Records from a data source =>

Lemma Cnorm_mul (z w : Cx) : Cnorm (Cmul z w) = Cnorm z * Cnorm w.
Proof. unfold Cnorm, Cmul; simpl. rewrite <- sqrt_mult by nra. f_equal. ring. Qed.

Lemma Cnorm_add (z w : Cx) : Cnorm (Cadd z w) <= Cnorm z + Cnorm w.
Proof.
  destruct z as [a b], w as [c d]. unfold Cnorm, Cadd; cbn [fst snd].
  pose proof (Rabs_dot_le a b c d) as Hcs. pose proof (Rle_abs (a * c + b * d)).
  pose proof (sqrt_pos (a ^ 2 + b ^ 2)). pose proof (sqrt_pos (c ^ 2 + d ^ 2)).
  assert (Hsz : sqrt (a ^ 2 + b ^ 2) * sqrt (a ^ 2 + b ^ 2) = a ^ 2 + b ^ 2)
    by (apply sqrt_sqrt; nra).
  assert (Hsw : sqrt (c ^ 2 + d ^ 2) * sqrt (c ^ 2 + d ^ 2) = c ^ 2 + d ^ 2)
    by (apply sqrt_sqrt; nra).
  set (sz := sqrt (a ^ 2 + b ^ 2)) in *. set (sw := sqrt (c ^ 2 + d ^ 2)) in *.
  rewrite <- (sqrt_pow2 (sz + sw)) by lra.
  pose proof (pow2_ge_0 (a + c)). pose proof (pow2_ge_0 (b + d)).
  apply sqrt_le_1; [lra | apply pow2_ge_0 |].
  replace ((sz + sw) ^ 2) with (sz * sz + sw * sw + 2 * (sz * sw)) by ring.
  replace ((a + c) ^ 2 + (b + d) ^ 2) with
    ((a ^ 2 + b ^ 2) + (c ^ 2 + d ^ 2) + 2 * (a * c + b * d)) by ring.
  lra.
Qed.

Lemma Cnorm_sum (F : nat -> Cx) (m : nat) :
  Cnorm (Csum F m) <= sum_f_R0 (fun k => Cnorm (F k)) m.
Proof.
  induction m as [| m IH]; simpl; [lra |].
  eapply Rle_trans; [apply Cnorm_add | lra].
Qed.

Lemma Cnorm_eq0 (z : Cx) : Cnorm z = 0 -> z = C0.
Proof.
  destruct z as [a b]. unfold Cnorm, C0; cbn [fst snd]. intros H.
  apply sqrt_eq_0 in H; [| nra].
  assert (a = 0) by nra. assert (b = 0) by nra. subst; reflexivity.
Qed.

Lemma Cnorm_of_sum_eq0 (z w : Cx) : Cadd z w = C0 -> Cnorm z = Cnorm w.
Proof.
  destruct z as [a b], w as [c d]. unfold Cadd, C0, Cnorm; cbn [fst snd]. intros H.
  injection H as H1 H2. f_equal. replace a with (- c) by lra. replace b with (- d) by lra. ring.
Qed.

Lemma Cnorm_real (r : R) : Cnorm (r, 0) = Rabs r.
Proof.
  unfold Cnorm; cbn [fst snd]. rewrite <- sqrt_Rsqr_abs. f_equal. unfold Rsqr. ring.
Qed.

AIM OF THE TASK => I'd like the lines above from the one with "pose proof (sqrt_pos (a" up to and including the one with "rewrite <- (sqrt_pow2 (sz + sw)) by lra." copied exactly, with no other lines.

ANSWER BELOW =>
  pose proof (sqrt_pos (a ^ 2 + b ^ 2)). pose proof (sqrt_pos (c ^ 2 + d ^ 2)).
  assert (Hsz : sqrt (a ^ 2 + b ^ 2) * sqrt (a ^ 2 + b ^ 2) = a ^ 2 + b ^ 2)
    by (apply sqrt_sqrt; nra).
  assert (Hsw : sqrt (c ^ 2 + d ^ 2) * sqrt (c ^ 2 + d ^ 2) = c ^ 2 + d ^ 2)
    by (apply sqrt_sqrt; nra).
  set (sz := sqrt (a ^ 2 + b ^ 2)) in *. set (sw := sqrt (c ^ 2 + d ^ 2)) in *.
  rewrite <- (sqrt_pow2 (sz + sw)) by lra.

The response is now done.